(* (a) For all $t>0$, $|E(t)|<M(t)$. (b) There exist $t_0,t_1$ with $0<t_1<t_0<1$ such that $M(t)<\operatorname{arccot}t$ for all $t>t_0$ and $|E(t)|<\operatorname{arccot}t$ for all $t>t_1$. (c) For all $t\geq0$, $|\mathrm{si}(t)|\leq\operatorname{arccot}t$, with equality only for $t=0$.
   Context: For $t>0$, $E(t)=\int_0^\infty \frac{e^{iu}}{u+t}\,du$ (improper integral) and $M(t)=\int_0^\infty \frac{e^{-tu}}{\sqrt{u^2+1}}\,du$. The complementary sine integral is $\mathrm{si}(t)=-\int_t^\infty\frac{\sin u}{u}\,du$ for $t\ge0$ (so $\mathrm{si}(0)=-\pi/2$). *)

From Stdlib Require Import Reals.
From Coquelicot Require Import Coquelicot.
Open Scope R_scope.

Definition int_to_infty (f : R -> R) (a : R) : R :=
  RInt_gen f (at_point a) (Rbar_locally p_infty).

(* E(t) = int_0^oo e^{iu}/(u+t) du, computed componentwise:
   Re E = int cos u/(u+t), Im E = int sin u/(u+t). *)
Definition E (t : R) : C :=
  (int_to_infty (fun u => cos u / (u + t)) 0,
   int_to_infty (fun u => sin u / (u + t)) 0).

Definition M (t : R) : R :=
  int_to_infty (fun u => exp (- (t * u)) / sqrt (u ^ 2 + 1)) 0.

Definition si (t : R) : R :=
  - int_to_infty (fun u => sin u / u) t.

Definition arccot (t : R) : R := PI / 2 - atan t.

From Stdlib Require Import Reals Lra Psatz Lia List FunctionalExtensionality.
From Coquelicot Require Import Coquelicot.
Open Scope R_scope.
Import ListNotations.

(* Writing 1/(u + t) as the integral of exp(-(u + t) x) over x > 0 and integrating in u first,
   E(t) = int_0^oo exp(-t x) (x + i) / (1 + x^2) dx = g(t) + i f(t), where f and g are the Laplace
   transforms of 1/(1 + x^2) and x/(1 + x^2).  Instead of exchanging integrals we use
   f' = -g and g' = f - 1/t, which make sin u f(u+t) - cos u g(u+t) and
   -(sin u g(u+t) + cos u f(u+t)) primitives of cos u/(u+t) and sin u/(u+t); the latter also gives
   si(t) = -(sin t g(t) + cos t f(t)).
   (a) |(x + i)/(1 + x^2)| = 1/sqrt(1 + x^2), so |E(t)| <= M(t) is the triangle inequality, and it
   is strict because the argument of x + i is not constant.
   (b) For t >= 4 a polynomial majorant of 1/sqrt(1 + u^2) gives M(t) <= 1/t - 1/t^3 + 9/t^5, below
   a Taylor lower bound for arctan(1/t).  On [9/10, 4], M is convex and arccot lies above its
   tangents, so M < arccot follows from upper bounds on M at ten points.  These come from chords
   of the convex function w |-> 1/sqrt(1 + w) in w = u^2, which integrate against exp(-t u) in
   closed form.  The bound on |E| then follows from (a).
   (c) For t >= 9/10, |si(t)| <= |E(t)| by Cauchy-Schwarz.  For smaller t,
   |si(t)| = S - int_0^t sin u/u du where S <= pi/2 is the Dirichlet integral, and
   sin u/u >= 1 - u^2/6 beats a Taylor upper bound for arctan t. *)

Lemma continuous_of_ex_derive (f : R -> R) x : ex_derive f x -> continuous f x.
Proof. intros H. now apply (ex_derive_continuous (K:=R_AbsRing) (V:=R_NormedModule)). Qed.
(* Nesterov's method as a linear coupling of gradient descent (the y-steps)
   and mirror descent (the z-steps).  With A_k = L alpha_k^2 / 2 and
     d(a) = f a - f_star - ||grad f a||_*^2 / (2 L),
   which bounds f (a - L^-1 Q^-1 grad f a) - f_star from above, the potential
   A_{k+1} d(x_k) + V_{z_{k+1}}(x_star) does not increase.  Indeed, write
   A_{k+2} = B + alpha_{k+2} with 0 <= B <= A_{k+1} (this is the hypothesis on
   alpha): x_{k+1} is the B : alpha_{k+2} barycentre of y_{k+1} and z_{k+1},
   and the loss alpha_{k+2}^2 ||grad f x_{k+1}||_*^2 / 2 of the mirror step is
   paid for by the gradient-step term of A_{k+2} d(x_{k+1}).  Since
   alpha_1 = 2 / L gives A_1 = alpha_1, the potential starts below
   V_{x_0}(x_star), whence f y_{k+1} - f_star <= V_{x_0}(x_star) / A_{k+1}.
   The descent lemma for the L-smooth f is proved without integration, by
   summing the first-order convexity inequality along a uniform subdivision
   of the segment and letting the mesh go to 0. *)

Section InnerProduct.
Variables (R : realType) (n : nat).
Implicit Types (u v w : 'cV[R]_n) (A : 'M[R]_n).

Lemma innerC u v : inner u v = inner v u.
Proof.
rewrite /inner -[in LHS](trmxK (u^T *m v)) [in LHS]mxE.
by rewrite trmx_mul trmxK.
Qed.

Lemma innerDr u v w : inner u (v + w) = inner u v + inner u w.
Proof. by rewrite /inner mulmxDr mxE. Qed.

Lemma innerDl u v w : inner (v + w) u = inner v u + inner w u.
Proof. by rewrite innerC innerDr !(innerC u). Qed.

Lemma innerZr u a v : inner u (a *: v) = a * inner u v.
Proof. by rewrite /inner -scalemxAr mxE. Qed.

Lemma innerZl u a v : inner (a *: v) u = a * inner v u.
Proof. by rewrite innerC innerZr innerC. Qed.

Lemma innerNr u v : inner u (- v) = - inner u v.
Proof. by rewrite -scaleN1r innerZr mulN1r. Qed.

Lemma innerNl u v : inner (- v) u = - inner v u.
Proof. by rewrite -scaleN1r innerZl mulN1r. Qed.

Lemma innerBr u v w : inner u (v - w) = inner u v - inner u w.
Proof. by rewrite innerDr innerNr. Qed.

Lemma innerBl u v w : inner (v - w) u = inner v u - inner w u.
Proof. by rewrite innerDl innerNl. Qed.

Lemma inner0r u : inner u 0 = 0.
Proof. by rewrite /inner mulmx0 mxE. Qed.

Lemma inner0l u : inner 0 u = 0.
Proof. by rewrite innerC inner0r. Qed.

Lemma inner_mulmx u A v : inner u (A *m v) = inner (A^T *m u) v.
Proof. by rewrite /inner trmx_mul trmxK mulmxA. Qed.

Lemma inner_self_eq0 u : inner u u = 0 -> u = 0.
Proof.
rewrite /inner mxE; under eq_bigr => k _ do rewrite mxE.
move=> /eqP; rewrite psumr_eq0 => [/allP u2_eq0|k _]; last first.
  by rewrite -expr2 sqr_ge0.
apply/matrixP => i j; rewrite (ord1 j) mxE.
by have /(_ (mem_index_enum _)) := u2_eq0 i; rewrite /= mulf_eq0 orbb => /eqP.
Qed.

Lemma qformE A v : qform A v = inner v (A *m v).
Proof. by rewrite /qform /inner mulmxA. Qed.

Lemma qformZ A a v : qform A (a *: v) = a ^+ 2 * qform A v.
Proof. by rewrite !qformE -scalemxAr innerZr innerZl mulrA expr2. Qed.

Lemma qformN A v : qform A (- v) = qform A v.
Proof. by rewrite -scaleN1r qformZ expr2 mulN1r opprK mul1r. Qed.

Lemma qformB A u v : A^T = A ->
  qform A (u - v) = qform A u - 2 * inner u (A *m v) + qform A v.
Proof.
move=> A_sym; rewrite !qformE mulmxBr innerBl !innerBr.
rewrite (innerC v (A *m u)) inner_mulmx A_sym [inner u (A *m v)]inner_mulmx A_sym.
by rewrite mulr2n mulrDl mul1r; lra.
Qed.

End InnerProduct.

Section DirectionalDerivative.
Variables (R : realType) (V : normedModType R) (f : V -> R) (x d : V) (c : R).
Hypothesis f_diff : differentiable f x.

Lemma diff_le_of_quotient_le :
  (forall t : R, 0 < t < 1 -> (f (x + t *: d) - f x) / t <= c) -> 'd f x d <= c.
Proof.
move=> quotient_le; rewrite -deriveE //.
have /derivableP [] := diff_derivable (v := d) f_diff.
move=> /cvg_dnbhs_at_right cvg_quotient _.
apply: (cvgr_to_le cvg_quotient); near=> t.
have t_gt0 : 0 < t by near: t; exact: nbhs_right_gt.
have t_lt1 : t < 1 by near: t; exact: nbhs_right_lt ltr01.
have := quotient_le t (andb_true_intro (conj t_gt0 t_lt1)).
by rewrite /= mulrC [t *: d + x]addrC.
Unshelve. all: by end_near.
Qed.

### Instructions to follow
Reply with nothing but the number of lines in the listing that include the string "move".

### Output for this exercise
4